If you use ss screws do you need to plug them? 
Have there been other improvements to Norms chair or others?
Whats a good price to start?
Can you use treated wood?
Is it better to leave cedar natural or use sealers?
Does it pay to sell them in gift shops, nurseries, consignment stores, etc?

Any and all advice and conversation on this would be greatly appreciated!


----------



## Puzzleman (May 4, 2010)

My first question is how did you arrive at the price of $150? You need to do a study of time and materials to determine what your price should be. I would also suggest you do these in production runs as that will improve your speed. There is a great blog on here by "Huff" that is very insightful about setting prices. It has helped me.

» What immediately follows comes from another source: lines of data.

(* Let $p\ge 1$, $s>0$ and $\lambda>0$. Let $\tilde{W}\in\mathbb{R}^{p\times p}$. Let $\hat{W}$ be a projection of $\tilde{W}$ onto the $\log\det$ level set $\mathcal{D}_s:=\{W\in\mathbb{W}^s: h_s(W)=0\}$, i.e. $\hat W\in\arg\min_{W\in\mathcal{D}_s}\tfrac12\|\tilde W-W\|_F^2$, and let $W^\star$ be the (Euclidean/Frobenius) projection of $\hat{W}$ onto the $\ell_1$ ball $\mathcal{B}_\lambda:=\{W\in\mathbb{R}^{p\times p}:\|W\|_{\ell_1}\le\lambda\}$. Then $W^\star$ lies in the intersection $\mathcal{D}_s\cap\mathcal{B}_\lambda$, i.e. $W^\star\in\mathbb{W}^s$, $h_s(W^\star)=0$ and $\|W^\star\|_{\ell_1}\le\lambda$.
   Context: For $W\in\mathbb{R}^{p\times p}$, $W\circ W$ denotes the entrywise (Hadamard) square, $\rho(\cdot)$ the spectral radius, and $\|W\|_{\ell_1}:=\sum_{j,k}|\mathsf{w}_{jk}|$. Define $\mathbb{W}^s:=\{W\in\mathbb{R}^{p\times p}:\rho(W\circ W)<s\}$ and, for $W\in\mathbb{W}^s$, $h_s(W):=-\log\det(sI-W\circ W)+p\log(s)$. (It is known that for $W\in\mathbb{W}^s$, $h_s(W)=0$ iff the directed graph with weighted adjacency matrix $W$ — an edge $j\to k$ iff $\mathsf{w}_{jk}\neq0$ — is acyclic.) *)

From mathcomp Require Import all_boot all_order all_algebra.
From mathcomp Require Import complex.
From mathcomp Require Import reals exp.
Set Implicit Arguments. Unset Strict Implicit. Unset Printing Implicit Defensive.
Import Order.TTheory GRing.Theory Num.Theory.
Local Open Scope ring_scope.

Section Defs.
Variable R : realType.
Variable p : nat.

Definition hsq (W : 'M[R]_p) : 'M[R]_p := \matrix_(j, k) (W j k ^+ 2).

Definition spec_rad_lt (A : 'M[R]_p) (s : R) : Prop :=
  forall z : R[i], eigenvalue (map_mx (fun x : R => (x%:C)%C) A) z -> `|z| < (s%:C)%C.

Along another line, I think that you need to do something unique with the chair along with the traditional style. Things that are different like the back being a fish head, martini glass, margarita glass, bird houses, shark bite, etc. These things will help to set you apart.

Another idea is to look into using plastic lumber. By using it, you create a chair that will not rot, not have to resealed and is available in different colors.


----------



## michelletwo (Feb 22, 2010)

you won't sell to us old people..can't get out of them, once in them  look for a young crowd


----------